Described value item_1246 may with character match tree shown in Fig. 4 in, the branch of character 2 in the child node [2,3] below character 1
Match, so continuing the branch based on the character 2 matches the character 4, but due to character in character match tree shown in Fig. 4
Child node in 2 branch below the node of character 2 is character 3, not comprising character 4 to be matched, therefore described value item_
1246 matching is also unsuccessful.
Again for example, when being matched to value item_1234, step is matched with character match tree shown in Fig. 4 by foregoing
Suddenly, it may be determined that described value item_1234 can be matched completely with character match tree shown in Fig. 4, accordingly, it is determined that described to be scanned
The sample data is included in the URL of data, and the match parameter is commodity ID.
The matched data list that table 1 is represented based on URL
http://a.host.com/path/test.htmlQk1=i234&qk2=item_1246&item_id=item_1234 |
http://b.host.com/testItem_id=item_1368&a=c |
http://c.host.com:1234/testId=item_1234 |
http://item_1368.host.com/detai_info.html |
http://a.host.com:3345/category-1234-item_1234-t12 |
http://a.host.com:3567/item/item_1234/detail.html |
Continue to scan on the mass data, it is also possible to obtain the matched data represented below based on URL.The matched data
The URL shown in above-mentioned table 1 can be included.

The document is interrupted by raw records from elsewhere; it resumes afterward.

(* If the Noperthedron $\mathcal{N}$ has Rupert's property, then there exist $\theta_1,\theta_2\in[0,2\pi/15]$, $\varphi_1\in[0,\pi]$, $\varphi_2\in[0,\pi/2]$ and $\alpha\in[-\pi/2,\pi/2]$ such that $R(\alpha)M(\theta_1,\varphi_1)\mathcal{N}\subset\operatorname{int}\operatorname{conv}(M(\theta_2,\varphi_2)\mathcal{N})$.
   Context: $R(\alpha)=\begin{pmatrix}\cos\alpha&-\sin\alpha\\ \sin\alpha&\cos\alpha\end{pmatrix}$, $M(\theta,\varphi)=\begin{pmatrix}-\sin\theta&\cos\theta&0\\ -\cos\theta\cos\varphi&-\sin\theta\cos\varphi&\sin\varphi\end{pmatrix}$, acting elementwise on point sets. A pointsymmetric polyhedron $\mathcal{P}$ has Rupert's property if there exist $\theta_1,\theta_2\in[0,2\pi)$, $\varphi_1,\varphi_2\in[0,\pi]$, $\alpha\in[-\pi,\pi)$ with $R(\alpha)M(\theta_1,\varphi_1)\mathcal{P}\subset\operatorname{int}\operatorname{conv}(M(\theta_2,\varphi_2)\mathcal{P})$. Let $R_z(\beta)=\begin{pmatrix}\cos\beta&-\sin\beta&0\\ \sin\beta&\cos\beta&0\\0&0&1\end{pmatrix}$, $\mathcal{C}_{30}=\{(-1)^\ell R_z(2\pi k/15): k=0,\dots,14,\ \ell=0,1\}$, $C_1=\frac{1}{259375205}(152024884,0,210152163)^t$, $C_2=10^{-10}(6632738028,6106948881,3980949609)^t$, $C_3=10^{-10}(8193990033,5298215096,1230614493)^t$; the Noperthedron is $\mathcal{N}=\mathcal{C}_{30}C_1\cup\mathcal{C}_{30}C_2\cup\mathcal{C}_{30}C_3$. *)

From Stdlib Require Import Reals List.
Open Scope R_scope.

Definition pt2 := (R * R)%type.
Definition pt3 := (R * R * R)%type.

Definition rot2 (a : R) (q : pt2) : pt2 :=
  let '(x, y) := q in (cos a * x - sin a * y, sin a * x + cos a * y).

Definition projM (th ph : R) (p : pt3) : pt2 :=
  let '(x, y, z) := p in
  (- sin th * x + cos th * y,
   - cos th * cos ph * x - sin th * cos ph * y + sin ph * z).

Definition rotz (b : R) (p : pt3) : pt3 :=
  let '(x, y, z) := p in (cos b * x - sin b * y, sin b * x + cos b * y, z).

Definition scale3 (c : R) (p : pt3) : pt3 :=
  let '(x, y, z) := p in (c * x, c * y, c * z).

Definition in_C30_orbit (c p : pt3) : Prop :=
  exists (k l : nat), (k <= 14)%nat /\ (l <= 1)%nat /\
    p = scale3 ((-1) ^ l) (rotz (2 * PI * INR k / 15) c).

Definition C1 : pt3 :=
  (152024884 / 259375205, 0, 210152163 / 259375205).
Definition C2 : pt3 :=
  (6632738028 / 10000000000, 6106948881 / 10000000000, 3980949609 / 10000000000).
Definition C3 : pt3 :=
  (8193990033 / 10000000000, 5298215096 / 10000000000, 1230614493 / 10000000000).

(* the Noperthedron, as its (finite) set of vertices *)
Definition Noperthedron (p : pt3) : Prop :=
  in_C30_orbit C1 p \/ in_C30_orbit C2 p \/ in_C30_orbit C3 p.

Fixpoint wsum (l : list (R * pt2)) : pt2 :=
  match l with
  | nil => (0, 0)
  | (w, (x, y)) :: t => let '(a, b) := wsum t in (w * x + a, w * y + b)
  end.

Fixpoint wtotal (l : list (R * pt2)) : R :=
  match l with
  | nil => 0
  | (w, _) :: t => w + wtotal t
  end.

Definition conv (S : pt2 -> Prop) (x : pt2) : Prop :=
  exists l : list (R * pt2),
    Forall (fun wp => 0 <= fst wp /\ S (snd wp)) l /\
    wtotal l = 1 /\ wsum l = x.

Definition dist2 (p q : pt2) : R :=
  sqrt ((fst p - fst q) ^ 2 + (snd p - snd q) ^ 2).

Definition interior (A : pt2 -> Prop) (x : pt2) : Prop :=
  exists eps, 0 < eps /\ forall y, dist2 x y < eps -> A y.

Definition imgM (th ph : R) (P : pt3 -> Prop) (q : pt2) : Prop :=
  exists p, P p /\ q = projM th ph p.

Definition rupert_config (P : pt3 -> Prop) (th1 ph1 th2 ph2 a : R) : Prop :=
  forall p, P p -> interior (conv (imgM th2 ph2 P)) (rot2 a (projM th1 ph1 p)).

Definition rupert (P : pt3 -> Prop) : Prop :=
  exists th1 th2 ph1 ph2 a,
    0 <= th1 < 2 * PI /\ 0 <= th2 < 2 * PI /\
    0 <= ph1 <= PI /\ 0 <= ph2 <= PI /\ - PI <= a < PI /\
    rupert_config P th1 ph1 th2 ph2 a.

(* The C30 symmetries of the Noperthedron act on the parameters of a Rupert
   configuration.  Since projM th ph (R_z(b) p) = projM (th - b) ph p, the
   rotations R_z(2 pi k / 15) shift th1 and th2 by multiples of 2 pi / 15; the
   point reflection -1 turns M P into -(M P), which R(alpha + pi) undoes; and
   (th, ph, alpha) |-> (th + pi, pi - ph, -alpha) mirrors the whole picture in
   the second coordinate axis, which preserves the interior of convex hulls.
   These moves bring ph2 into [0, pi/2], then alpha into [-pi/2, pi/2], then
   th1 and th2 into [0, 2 pi / 15]. *)

From Pilot Require Import Defs.
From Stdlib Require Import Reals List Lra Lia.
Open Scope R_scope.

Definition reflect2 (q : pt2) : pt2 := (- fst q, snd q).
Definition opp2 (q : pt2) : pt2 := (- fst q, - snd q).

Definition invariant (f : pt3 -> pt3) (P : pt3 -> Prop) : Prop :=
  forall p, P p -> P (f p).

Lemma reflect2K q : reflect2 (reflect2 q) = q.
Proof. destruct q; unfold reflect2; simpl; f_equal; ring. Qed.

Lemma projM_rotz th ph b p : projM th ph (rotz b p) = projM (th - b) ph p.
Proof. destruct p as [[x y] z]; simpl; rewrite cos_minus, sin_minus; f_equal; ring. Qed.

Lemma projM_opp th ph p : projM th ph (scale3 (-1) p) = opp2 (projM th ph p).
Proof. destruct p as [[x y] z]; unfold opp2; simpl; f_equal; ring. Qed.

Lemma projM_antipodal th ph p : projM (th + PI) (PI - ph) p = reflect2 (projM th ph p).
Proof.
  destruct p as [[x y] z]; unfold reflect2; simpl.
  rewrite neg_cos, neg_sin, sin_PI_x, cos_minus, cos_PI, sin_PI; f_equal; ring.
Qed.

Lemma rot2_add_PI a q : rot2 (a + PI) q = rot2 a (opp2 q).
Proof. destruct q; unfold opp2; simpl; rewrite neg_cos, neg_sin; f_equal; ring. Qed.

Lemma rot2_sub_PI a q : rot2 (a - PI) q = rot2 a (opp2 q).
Proof.
  destruct q; unfold opp2; simpl; rewrite cos_minus, sin_minus, cos_PI, sin_PI; f_equal; ring.
Qed.

Lemma rot2_opp_reflect2 a q : rot2 (- a) (reflect2 q) = reflect2 (rot2 a q).
Proof. destruct q; unfold reflect2; simpl; rewrite cos_neg, sin_neg; f_equal; ring. Qed.

Lemma rotz_scale3 b s p : rotz b (scale3 s p) = scale3 s (rotz b p).
Proof.
  destruct p as [[x y] z]; simpl.
  apply (f_equal2 pair); [apply (f_equal2 pair)|]; ring.
Qed.

Lemma rotz_rotz b1 b2 p : rotz b1 (rotz b2 p) = rotz (b1 + b2) p.
Proof.
  destruct p as [[x y] z]; simpl; rewrite cos_plus, sin_plus.
  apply (f_equal2 pair); [apply (f_equal2 pair)|]; ring.
Qed.

Lemma rotz_period b k p : rotz (b + 2 * INR k * PI) p = rotz b p.
Proof. destruct p as [[x y] z]; simpl; rewrite cos_period, sin_period; reflexivity. Qed.

Lemma scale3_scale3 s t p : scale3 s (scale3 t p) = scale3 (s * t) p.
Proof.
  destruct p as [[x y] z]; simpl.
  apply (f_equal2 pair); [apply (f_equal2 pair)|]; ring.
Qed.

Lemma in_C30_orbit_rotz c m : invariant (rotz (2 * PI * INR m / 15)) (in_C30_orbit c).
Proof.
  intros p (k & l & Hk & Hl & ->).
  rewrite rotz_scale3, rotz_rotz.
  exists ((m + k) mod 15)%nat, l; split; [|split; [exact Hl|]].
  - pose proof (Nat.mod_upper_bound (m + k) 15); lia.
  - assert (Hdiv : INR m + INR k = 15 * INR ((m + k) / 15) + INR ((m + k) mod 15)).
    { rewrite <- plus_INR, (Nat.div_mod_eq (m + k) 15) at 1.
      rewrite plus_INR, mult_INR; simpl (INR 15); ring. }
    rewrite <- (rotz_period (2 * PI * INR ((m + k) mod 15) / 15) ((m + k) / 15)).
    do 2 f_equal.
    transitivity (2 * PI / 15 * (INR m + INR k)); [field|rewrite Hdiv; field].
Qed.

Lemma in_C30_orbit_opp c : invariant (scale3 (-1)) (in_C30_orbit c).
Proof.
  intros p (k & l & Hk & Hl & ->).
  rewrite scale3_scale3.
  exists k, (1 - l)%nat; split; [exact Hk|split; [lia|]].
  destruct l as [|[|l]]; [| |lia]; simpl; f_equal; ring.
Qed.

Lemma invariant_Noperthedron f :
  (forall c, invariant f (in_C30_orbit c)) -> invariant f Noperthedron.
Proof. intros Hf p [H|[H|H]]; [left|right; left|right; right]; apply Hf, H. Qed.

Lemma Noperthedron_rotz_step : invariant (rotz (2 * PI / 15)) Noperthedron.
Proof.
  intros p Hp.
  replace (2 * PI / 15) with (2 * PI * INR 1 / 15) by (simpl; field).
  exact (invariant_Noperthedron _ (fun c => in_C30_orbit_rotz c 1) p Hp).
Qed.

Lemma Noperthedron_rotz_step_inv : invariant (rotz (- (2 * PI / 15))) Noperthedron.
Proof.
  intros p Hp.
  rewrite <- (rotz_period _ 1).
  replace (- (2 * PI / 15) + 2 * INR 1 * PI) with (2 * PI * INR 14 / 15) by (simpl; field).
  exact (invariant_Noperthedron _ (fun c => in_C30_orbit_rotz c 14) p Hp).
Qed.

Lemma Noperthedron_opp : invariant (scale3 (-1)) Noperthedron.
Proof. exact (invariant_Noperthedron _ in_C30_orbit_opp). Qed.

Lemma conv_mono (S S' : pt2 -> Prop) :
  (forall y, S y -> S' y) -> forall x, conv S x -> conv S' x.
Proof.
  intros HS x (l & Hl & Htot & Hsum); exists l; split; [|auto].
  eapply Forall_impl; [|exact Hl]; intros wp [Hw Hp]; auto.
Qed.

Lemma interior_mono (A A' : pt2 -> Prop) :
  (forall y, A y -> A' y) -> forall x, Defs.interior A x -> Defs.interior A' x.
Proof. intros HA x (e & He & H); exists e; auto. Qed.

Lemma wtotal_map_snd (g : pt2 -> pt2) l :
  wtotal (map (fun wp => (fst wp, g (snd wp))) l) = wtotal l.
Proof. induction l as [|[w q] l IH]; simpl; [|rewrite IH]; reflexivity. Qed.

Lemma wsum_map_reflect2 l :
  wsum (map (fun wp => (fst wp, reflect2 (snd wp))) l) = reflect2 (wsum l).
Proof.
  unfold reflect2; induction l as [|[w [u v]] l IH]; simpl; [f_equal; ring|].
  rewrite IH; destruct (wsum l); simpl; f_equal; ring.
Qed.

Lemma conv_reflect2 S x : conv S x -> conv (fun y => S (reflect2 y)) (reflect2 x).
Proof.
  intros (l & Hl & Htot & Hsum).
  exists (map (fun wp => (fst wp, reflect2 (snd wp))) l).
  rewrite wtotal_map_snd, wsum_map_reflect2, Hsum; split; [|auto].
  apply Forall_map; eapply Forall_impl; [|exact Hl].
  intros wp [Hw Hp]; simpl; rewrite reflect2K; auto.
Qed.

Lemma dist2_reflect2 x y : dist2 (reflect2 x) y = dist2 x (reflect2 y).
Proof. destruct x, y; unfold dist2, reflect2; simpl; f_equal; ring. Qed.

Lemma interior_conv_reflect2 S x :
  Defs.interior (conv S) x ->
  Defs.interior (conv (fun y => S (reflect2 y))) (reflect2 x).
Proof.
  intros (e & He & H); exists e; split; [exact He|].
  intros y Hy; rewrite dist2_reflect2 in Hy.
  rewrite <- (reflect2K y); apply conv_reflect2, H, Hy.
Qed.

Section RupertMoves.

Variable P : pt3 -> Prop.

Lemma rupert_config_antipodal th1 ph1 th2 ph2 a :
  rupert_config P th1 ph1 th2 ph2 a ->
  rupert_config P (th1 + PI) (PI - ph1) (th2 + PI) (PI - ph2) (- a).
Proof.
  intros Hc p Hp.
  rewrite projM_antipodal, rot2_opp_reflect2.
  apply (interior_mono (conv (fun y => imgM th2 ph2 P (reflect2 y)))).
  - apply conv_mono; intros y (p' & Hp' & Hy).
    exists p'; split; [exact Hp'|].
    rewrite projM_antipodal, <- Hy, reflect2K; reflexivity.
  - apply interior_conv_reflect2, Hc, Hp.
Qed.

Lemma rupert_config_opp th1 ph1 th2 ph2 a a' :
  invariant (scale3 (-1)) P -> (forall q, rot2 a' q = rot2 a (opp2 q)) ->
  rupert_config P th1 ph1 th2 ph2 a -> rupert_config P th1 ph1 th2 ph2 a'.
Proof. intros Hopp Ha Hc p Hp; rewrite Ha, <- projM_opp; apply Hc, Hopp, Hp. Qed.

Lemma rupert_config_sub_th1 b th1 ph1 th2 ph2 a :
  invariant (rotz b) P ->
  rupert_config P th1 ph1 th2 ph2 a -> rupert_config P (th1 - b) ph1 th2 ph2 a.
Proof. intros Hb Hc p Hp; rewrite <- projM_rotz; apply Hc, Hb, Hp. Qed.

Lemma rupert_config_add_th2 b th1 ph1 th2 ph2 a :
  invariant (rotz b) P ->
  rupert_config P th1 ph1 th2 ph2 a -> rupert_config P th1 ph1 (th2 + b) ph2 a.
Proof.
  intros Hb Hc p Hp; eapply interior_mono; [|apply Hc, Hp].
  apply conv_mono; intros y (p' & Hp' & ->).
  exists (rotz b p'); split; [apply Hb, Hp'|].
  rewrite projM_rotz; f_equal; ring.
Qed.

End RupertMoves.

Lemma exists_shift_into_period (Q : R -> Prop) d :
  0 < d -> (forall x, Q x -> Q (x + d)) -> (forall x, Q x -> Q (x - d)) ->
  forall x, Q x -> exists y, 0 <= y <= d /\ Q y.
Proof.
  intros Hd Hadd Hsub x Hx.
  assert (Hshift : forall n : Z, Q (x + IZR n * d)).
  { apply Z.peano_ind.
    - replace (x + 0 * d) with x by ring; exact Hx.
    - intros n Hn; rewrite succ_IZR.
      replace (x + (IZR n + 1) * d) with (x + IZR n * d + d) by ring; auto.
    - intros n Hn; unfold Z.pred; rewrite plus_IZR.
      replace (x + (IZR n + -1) * d) with (x + IZR n * d - d) by ring; auto. }
  exists (x + IZR (- Int_part (x / d)) * d); split; [|apply Hshift].
  rewrite opp_IZR.
  destruct (base_Int_part (x / d)) as [Hlow Hhigh].
  assert (Hx_eq : x = d * (x / d)) by (field; lra).
  split; nra.
Qed.

Lemma rupert_config_ph2_le_PI2 P th1 ph1 th2 ph2 a :
  0 <= ph1 <= PI -> 0 <= ph2 <= PI -> - PI <= a <= PI ->
  rupert_config P th1 ph1 th2 ph2 a ->
  exists th1' th2' ph1' ph2' a',
    0 <= ph1' <= PI /\ 0 <= ph2' <= PI / 2 /\ - PI <= a' <= PI /\
    rupert_config P th1' ph1' th2' ph2' a'.
Proof.
  intros Hph1 Hph2 Ha Hc.
  destruct (Rle_dec ph2 (PI / 2)).
  - exists th1, th2, ph1, ph2, a; repeat split; auto; lra.
  - exists (th1 + PI), (th2 + PI), (PI - ph1), (PI - ph2), (- a).
    repeat split; try lra; apply rupert_config_antipodal, Hc.
Qed.

Lemma rupert_config_alpha_le_PI2 P th1 ph1 th2 ph2 a :
  invariant (scale3 (-1)) P -> - PI <= a <= PI ->
  rupert_config P th1 ph1 th2 ph2 a ->
  exists a', - (PI / 2) <= a' <= PI / 2 /\ rupert_config P th1 ph1 th2 ph2 a'.
Proof.
  intros Hopp Ha Hc.
  destruct (Rle_dec a (PI / 2)); [destruct (Rle_dec (- (PI / 2)) a)|].
  - exists a; split; [lra|exact Hc].
  - exists (a + PI); split; [lra|].
    apply (rupert_config_opp _ _ _ _ _ a); auto using rot2_add_PI.
  - exists (a - PI); split; [lra|].
    apply (rupert_config_opp _ _ _ _ _ a); auto using rot2_sub_PI.
Qed.

Lemma rupert_config_th1_period P d th1 ph1 th2 ph2 a :
  0 < d -> invariant (rotz d) P -> invariant (rotz (- d)) P ->
  rupert_config P th1 ph1 th2 ph2 a ->
  exists th1', 0 <= th1' <= d /\ rupert_config P th1' ph1 th2 ph2 a.
Proof.
  intros Hd Hrot Hrot_inv.
  apply (exists_shift_into_period (fun x => rupert_config P x ph1 th2 ph2 a) d Hd).
  - intros x Hx; replace (x + d) with (x - - d) by ring.
    apply rupert_config_sub_th1; assumption.
  - intros x; apply rupert_config_sub_th1, Hrot.
Qed.

Lemma rupert_config_th2_period P d th1 ph1 th2 ph2 a :
  0 < d -> invariant (rotz d) P -> invariant (rotz (- d)) P ->
  rupert_config P th1 ph1 th2 ph2 a ->
  exists th2', 0 <= th2' <= d /\ rupert_config P th1 ph1 th2' ph2 a.
Proof.
  intros Hd Hrot Hrot_inv.
  apply (exists_shift_into_period (fun x => rupert_config P th1 ph1 x ph2 a) d Hd).
  - intros x; apply rupert_config_add_th2, Hrot.
  - intros x Hx; replace (x - d) with (x + - d) by ring.
    apply rupert_config_add_th2; assumption.
Qed.

Theorem corollary2p4 :
  rupert Noperthedron ->
  exists th1 th2 ph1 ph2 a,
    0 <= th1 <= 2 * PI / 15 /\ 0 <= th2 <= 2 * PI / 15 /\
    0 <= ph1 <= PI /\ 0 <= ph2 <= PI / 2 /\ - (PI / 2) <= a <= PI / 2 /\
    rupert_config Noperthedron th1 ph1 th2 ph2 a.
Proof.
  intros (th1 & th2 & ph1 & ph2 & a & _ & _ & Hph1 & Hph2 & Ha & Hc).
  assert (Hd : 0 < 2 * PI / 15) by (pose proof PI_RGT_0; lra).
  assert (Ha_le : - PI <= a <= PI) by lra.
  destruct (rupert_config_ph2_le_PI2 _ _ _ _ _ _ Hph1 Hph2 Ha_le Hc)
    as (th1' & th2' & ph1' & ph2' & a' & Hph1' & Hph2' & Ha' & Hc').
  destruct (rupert_config_alpha_le_PI2 _ _ _ _ _ _ Noperthedron_opp Ha' Hc')
    as (a'' & Ha'' & Hc'').
  destruct (rupert_config_th1_period _ _ _ _ _ _ _ Hd Noperthedron_rotz_step
              Noperthedron_rotz_step_inv Hc'') as (th1'' & Hth1'' & Hc1).
  destruct (rupert_config_th2_period _ _ _ _ _ _ _ Hd Noperthedron_rotz_step
              Noperthedron_rotz_step_inv Hc1) as (th2'' & Hth2'' & Hc2).
  exists th1'', th2'', ph1', ph2', a''; repeat split; lra || assumption.
Qed.
(* Let $T\in\mathcal{C}_{P,t}$ and let $I_T=\{S\in\mathbb{C}[z]: T(S(z)b)=0\text{ for all }b\in\mathcal{A}_P\}$. Then $I_T=\{S\in\mathbb{C}[z] : S(x)F_T(x)\in\mathbb{C}[x]\}$, where the product $S(x)F_T(x)$ is computed in the ring of formal Laurent series $\mathbb{C}((x^{-1}))$. In particular, $T$ is degenerate if and only if $F_T(x)$ is (the expansion at $x=\infty$ of) a rational function of $x$; and in that case, writing $F_T=R/S$ with $R,S\in\mathbb{C}[x]$, $S$ monic and $\gcd(R,S)=1$, the polynomial $S(z)$ generates the ideal $I_T$ of $\mathbb{C}[z]$.
   Context: $P\in\mathbb{C}[x]$ is a nonconstant monic polynomial, $t\in\mathbb{C}\setminus\{0\}$. $\mathcal{A}_P$ denotes the associative unital $\mathbb{C}$-algebra generated by $u,v,z$ subject to $zu-uz=u$, $zv-vz=-v$, $uv=P(z-\tfrac12)$, $vu=P(z+\tfrac12)$; the subalgebra generated by $z$ is a polynomial ring $\mathbb{C}[z]$. $g_t$ is the automorphism with $g_t(u)=t^{-1}u$, $g_t(v)=tv$, $g_t(z)=z$. A twisted trace is a linear $T:\mathcal{A}_P\to\mathbb{C}$ with $T(ab)=T(g_t(b)a)$ for all $a,b$; $\mathcal{C}_{P,t}$ is the space of these. $T$ is degenerate if there is $0\neq a\in\mathcal{A}_P$ with $T(ab)=0$ for all $b$. The formal Stieltjes transform of $T$ is $F_T(x)=\sum_{n\ge0}T(z^n)x^{-n-1}\in x^{-1}\mathbb{C}[[x^{-1}]]$; rational functions vanishing at $\infty$ are identified with their expansions in $x^{-1}\mathbb{C}[[x^{-1}]]$. *)

From HB Require Import structures.
From mathcomp Require Import all_boot all_order all_algebra.
From mathcomp Require Import complex reals.
Set Implicit Arguments. Unset Strict Implicit. Unset Printing Implicit Defensive.
Import Order.TTheory GRing.Theory Num.Theory.
Local Open Scope ring_scope.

Table 2 is to the normal data list after the structuring of table 1 treatment
As shown in table 2, after the scanning one by one based on the sample data in the mass data is completed, can be to this
The secondary matched data for obtaining of searching carries out structuring treatment, with the criterion numeral for obtaining being represented based on the preset format
According to.Preferably, the normal data is according to top layer domain name tld, port (port), match parameter (querykey), matched position,
The order arrangement of matching content and matching way, wherein, then represented with sky for default content.For example, for port, one
As the port be default value (i.e. 80) when, it can omit in the URL and occur without, then in the normal data also with
Space represents.Again for example, searched from the mass data with path as matched position for the embodiment of the present invention obtain
With data, after these matched data structurings are processed as normal data, the match parameter of these normal datas is sky.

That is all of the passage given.